*Problem details*
Repeat the material exactly, leaving no line out.

Materials provided section start

Lemma swap_ordK i : involutive (swap_ord i).
Proof.
move=> x; rewrite /swap_ord; case: (x =P i) => [->|ne_xi].
  by case: (ordS i =P i) => [->|_]; rewrite ?eqxx.
case: (x =P ordS i) => [->|ne_xSi]; first by rewrite eqxx.
by case: (x =P i); case: (x =P ordS i).
Qed.

Lemma swap_entriesE T i x : swap_entries T i x = T (swap_ord i x).
Proof. by rewrite ffunE. Qed.

Lemma swap_ord_ordS i x : swap_ord (ordS i) (ordS x) = ordS (swap_ord i x).
Proof.
rewrite /swap_ord !(inj_eq (@ordS_inj n)).
by case: (x =P i) => // _; case: eqP.
Qed.

Lemma nth_swap_pair (P Q : seq nat) x y j :
  nth 0 (P ++ [:: y; x] ++ Q) j = nth 0 (P ++ [:: x; y] ++ Q)
    (if j == size P then (size P).+1 else if j == (size P).+1 then size P else j).
Proof.
case: eqP => [->|ne_j]; first by rewrite !nth_cat ltnn subnn ifN ?subSnn // -leqNgt.
case: eqP => [->|ne_j']; first by rewrite !nth_cat ltnn subnn ifN ?subSnn // -leqNgt.
rewrite !nth_cat; case: ltnP => // le_Pj.
by case def_k: (j - size P) => [|[|k]] //; lia.
Qed.

Lemma word_swap T P Q x y (i : 'I_n) : word T = P ++ [:: x; y] ++ Q -> val i = size P ->
  word (swap_entries T i) = P ++ [:: y; x] ++ Q.
Proof.
move=> wordT val_i; have size_T := size_word T; rewrite wordT !size_cat /= in size_T.
have val_ordS : val (ordS i) = (size P).+1 by rewrite /= val_i modn_small //; lia.
apply: (@eq_from_nth _ 0) => [|j]; first by rewrite size_word !size_cat /=; lia.
rewrite size_word => lt_jn; rewrite nth_swap_pair -[j]/(val (Ordinal lt_jn)) nth_word.
rewrite swap_entriesE -nth_word wordT /swap_ord -!val_eqE val_i val_ordS /=.
by case: ifP => _; rewrite ?val_ordS //; case: ifP => _; rewrite ?val_i.
Qed.

Definition rot_rows T : row_fun := [ffun i => T (ordS i)].

Lemma word_rot_rows T : word (rot_rows T) = rot 1 (word T).
Proof.
apply: (@eq_from_nth _ 0) => [|j]; first by rewrite size_rot !size_word.
rewrite size_word => lt_jn; rewrite nth_rot1 size_word //.
by rewrite -[j]/(val (Ordinal lt_jn)) nth_word ffunE -nth_word.
Qed.

Lemma word_iter_rot_rows k T : word (iter k rot_rows T) = crot k (word T).
Proof. by elim: k => //= k IH; rewrite word_rot_rows IH. Qed.

Definition knuth_rel T T' : bool :=
  [exists i : 'I_n, [&& T' == swap_entries T i,
     ~~ (tau T \subset tau T') & ~~ (tau T' \subset tau T)]].
Lemma halts_with_begin B N : B != [::] -> 0 < N ->
  halts_with (conf Enter [::] (None :: B)) N.-1 -> halts_with (conf Begin [::] B) N.
Proof.
case: B => // h B _ N_gt0; rewrite -(@step_left_edge Begin (h :: B) Enter h) //.
exact: halts_with_step.
Qed.

Lemma halts_with_sweep_right F G fl s A B N :
  table F fl = (G, fl, MRight) -> F <> Halt -> G <> Halt ->
  (forall x, table G (Some x) = (F, Some x, MRight)) -> 2 * size s <= N ->
  halts_with (conf F (A ++ flagged fl s) B) (N - 2 * size s) ->
  halts_with (conf F A (flagged fl s ++ B)) N.
Proof.
move=> F_table F_run G_run G_table; apply: halts_with_run.
exact: (run_sweep_right _ _ _ F_run G_run F_table G_table).
Qed.

Lemma halts_with_sweep_left F h Fb w (g : bool -> state) wf
    (ps : seq (option bool * bool)) A a B N :
  table F h = (Fb, w, MLeft) -> F <> Halt -> Fb <> Halt -> (forall b, g b <> Halt) ->
  (forall b, table Fb (Some b) = (g b, Some b, MLeft)) ->
  (forall p, p \in ps -> table (g p.2) p.1 = (Fb, wf, MLeft)) ->
  (2 * size ps).+1 <= N ->
  halts_with (conf Fb A (a :: flagged wf (map snd ps) ++ w :: B)) (N - (2 * size ps).+1) ->
  halts_with (conf F (rcons A a ++ cells ps) (h :: B)) N.
Proof.
move=> F_table F_run Fb_run g_run Fb_table g_table.
by apply: halts_with_run; apply: run_sweep_left.
Qed.
End HaltsWith.
(* Assumption 2.  [b = None] encodes b = infinity. *)
Definition Assumption2 (G : R -> R) (a : R) (b : option R) : Prop :=
  distribution_on_pos G /\ non_lattice G /\ finite_second_moment G /\
  0 <= a /\
  (forall x, x <= a -> G x = 0) /\
  (match b with
   | Some b' => a < b' /\ forall x, b' <= x -> G x = 1
   | None => True
   end) /\
  exists g : R -> R,
    (forall x, a < x -> (match b with Some b' => x < b' | None => True end) ->
        0 < g x /\ continuity_pt g x) /\
    (* G(A) >= int_A g on (a,b), tested on intervals (x,y] inside (a,b) *)
    (forall x y, a < x -> x <= y ->
        (match b with Some b' => y < b' | None => True end) ->
        exists pr : Riemann_integrable g x y, RiemannInt pr <= G y - G x) /\
    (match b with
     | Some _ => True
     | None => exists x0 k gamma, a < x0 /\ 0 < k /\ 3 < gamma /\
                 forall x, x0 <= x -> k * Rpower x (- gamma) <= g x
     end).

(* x is the generalized inverse F^{-1}(u) = inf { y >= 0 | F y >= u }
   (the infimum exists iff this relation has a solution). *)
Definition is_ginv (F : R -> R) (u x : R) : Prop :=
  (forall y, 0 <= y -> u <= F y -> x <= y) /\
  (forall x', (forall y, 0 <= y -> u <= F y -> x' <= y) -> x' <= x).

(* A realisation of G_N on the event A_N^*: a distribution function with
   support inside [a,b] (the points of the reproduction processes have law G)
   and sup_{x >= 0} |G_N x - G x| <= eps_N. *)
Definition on_event (G H : R -> R) (a : R) (b : option R) (epsN : R) : Prop :=
  distribution_function H /\
  (forall x, x <= a -> H x = 0) /\
  (match b with Some b' => forall x, b' <= x -> H x = 1 | None => True end) /\
  (forall x, 0 <= x -> Rabs (H x - G x) <= epsN).

From Stdlib Require Import Reals.
Open Scope R_scope.
From Stdlib Require Import Lra Lia Classical ClassicalEpsilon.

Materials provided section end

*Response below*
Lemma swap_ordK i : involutive (swap_ord i).
Proof.
move=> x; rewrite /swap_ord; case: (x =P i) => [->|ne_xi].
  by case: (ordS i =P i) => [->|_]; rewrite ?eqxx.
case: (x =P ordS i) => [->|ne_xSi]; first by rewrite eqxx.
by case: (x =P i); case: (x =P ordS i).
Qed.

Lemma swap_entriesE T i x : swap_entries T i x = T (swap_ord i x).
Proof. by rewrite ffunE. Qed.

Lemma swap_ord_ordS i x : swap_ord (ordS i) (ordS x) = ordS (swap_ord i x).
Proof.
rewrite /swap_ord !(inj_eq (@ordS_inj n)).
by case: (x =P i) => // _; case: eqP.
Qed.

Lemma nth_swap_pair (P Q : seq nat) x y j :
  nth 0 (P ++ [:: y; x] ++ Q) j = nth 0 (P ++ [:: x; y] ++ Q)
    (if j == size P then (size P).+1 else if j == (size P).+1 then size P else j).
Proof.
case: eqP => [->|ne_j]; first by rewrite !nth_cat ltnn subnn ifN ?subSnn // -leqNgt.
case: eqP => [->|ne_j']; first by rewrite !nth_cat ltnn subnn ifN ?subSnn // -leqNgt.
rewrite !nth_cat; case: ltnP => // le_Pj.
by case def_k: (j - size P) => [|[|k]] //; lia.
Qed.

Lemma word_swap T P Q x y (i : 'I_n) : word T = P ++ [:: x; y] ++ Q -> val i = size P ->
  word (swap_entries T i) = P ++ [:: y; x] ++ Q.
Proof.
move=> wordT val_i; have size_T := size_word T; rewrite wordT !size_cat /= in size_T.
have val_ordS : val (ordS i) = (size P).+1 by rewrite /= val_i modn_small //; lia.
apply: (@eq_from_nth _ 0) => [|j]; first by rewrite size_word !size_cat /=; lia.
rewrite size_word => lt_jn; rewrite nth_swap_pair -[j]/(val (Ordinal lt_jn)) nth_word.
rewrite swap_entriesE -nth_word wordT /swap_ord -!val_eqE val_i val_ordS /=.
by case: ifP => _; rewrite ?val_ordS //; case: ifP => _; rewrite ?val_i.
Qed.

Definition rot_rows T : row_fun := [ffun i => T (ordS i)].

Lemma word_rot_rows T : word (rot_rows T) = rot 1 (word T).
Proof.
apply: (@eq_from_nth _ 0) => [|j]; first by rewrite size_rot !size_word.
rewrite size_word => lt_jn; rewrite nth_rot1 size_word //.
by rewrite -[j]/(val (Ordinal lt_jn)) nth_word ffunE -nth_word.
Qed.

Lemma word_iter_rot_rows k T : word (iter k rot_rows T) = crot k (word T).
Proof. by elim: k => //= k IH; rewrite word_rot_rows IH. Qed.

Definition knuth_rel T T' : bool :=
  [exists i : 'I_n, [&& T' == swap_entries T i,
     ~~ (tau T \subset tau T') & ~~ (tau T' \subset tau T)]].
Lemma halts_with_begin B N : B != [::] -> 0 < N ->
  halts_with (conf Enter [::] (None :: B)) N.-1 -> halts_with (conf Begin [::] B) N.
Proof.
case: B => // h B _ N_gt0; rewrite -(@step_left_edge Begin (h :: B) Enter h) //.
exact: halts_with_step.
Qed.

Lemma halts_with_sweep_right F G fl s A B N :
  table F fl = (G, fl, MRight) -> F <> Halt -> G <> Halt ->
  (forall x, table G (Some x) = (F, Some x, MRight)) -> 2 * size s <= N ->
  halts_with (conf F (A ++ flagged fl s) B) (N - 2 * size s) ->
  halts_with (conf F A (flagged fl s ++ B)) N.
Proof.
move=> F_table F_run G_run G_table; apply: halts_with_run.
exact: (run_sweep_right _ _ _ F_run G_run F_table G_table).
Qed.

Lemma halts_with_sweep_left F h Fb w (g : bool -> state) wf
    (ps : seq (option bool * bool)) A a B N :
  table F h = (Fb, w, MLeft) -> F <> Halt -> Fb <> Halt -> (forall b, g b <> Halt) ->
  (forall b, table Fb (Some b) = (g b, Some b, MLeft)) ->
  (forall p, p \in ps -> table (g p.2) p.1 = (Fb, wf, MLeft)) ->
  (2 * size ps).+1 <= N ->
  halts_with (conf Fb A (a :: flagged wf (map snd ps) ++ w :: B)) (N - (2 * size ps).+1) ->
  halts_with (conf F (rcons A a ++ cells ps) (h :: B)) N.
Proof.
move=> F_table F_run Fb_run g_run Fb_table g_table.
by apply: halts_with_run; apply: run_sweep_left.
Qed.
End HaltsWith.
(* Assumption 2.  [b = None] encodes b = infinity. *)
Definition Assumption2 (G : R -> R) (a : R) (b : option R) : Prop :=
  distribution_on_pos G /\ non_lattice G /\ finite_second_moment G /\
  0 <= a /\
  (forall x, x <= a -> G x = 0) /\
  (match b with
   | Some b' => a < b' /\ forall x, b' <= x -> G x = 1
   | None => True
   end) /\
  exists g : R -> R,
    (forall x, a < x -> (match b with Some b' => x < b' | None => True end) ->
        0 < g x /\ continuity_pt g x) /\
    (* G(A) >= int_A g on (a,b), tested on intervals (x,y] inside (a,b) *)
    (forall x y, a < x -> x <= y ->
        (match b with Some b' => y < b' | None => True end) ->
        exists pr : Riemann_integrable g x y, RiemannInt pr <= G y - G x) /\
    (match b with
     | Some _ => True
     | None => exists x0 k gamma, a < x0 /\ 0 < k /\ 3 < gamma /\
                 forall x, x0 <= x -> k * Rpower x (- gamma) <= g x
     end).

(* x is the generalized inverse F^{-1}(u) = inf { y >= 0 | F y >= u }
   (the infimum exists iff this relation has a solution). *)
Definition is_ginv (F : R -> R) (u x : R) : Prop :=
  (forall y, 0 <= y -> u <= F y -> x <= y) /\
  (forall x', (forall y, 0 <= y -> u <= F y -> x' <= y) -> x' <= x).

(* A realisation of G_N on the event A_N^*: a distribution function with
   support inside [a,b] (the points of the reproduction processes have law G)
   and sup_{x >= 0} |G_N x - G x| <= eps_N. *)
Definition on_event (G H : R -> R) (a : R) (b : option R) (epsN : R) : Prop :=
  distribution_function H /\
  (forall x, x <= a -> H x = 0) /\
  (match b with Some b' => forall x, b' <= x -> H x = 1 | None => True end) /\
  (forall x, 0 <= x -> Rabs (H x - G x) <= epsN).

From Stdlib Require Import Reals.
Open Scope R_scope.
From Stdlib Require Import Lra Lia Classical ClassicalEpsilon.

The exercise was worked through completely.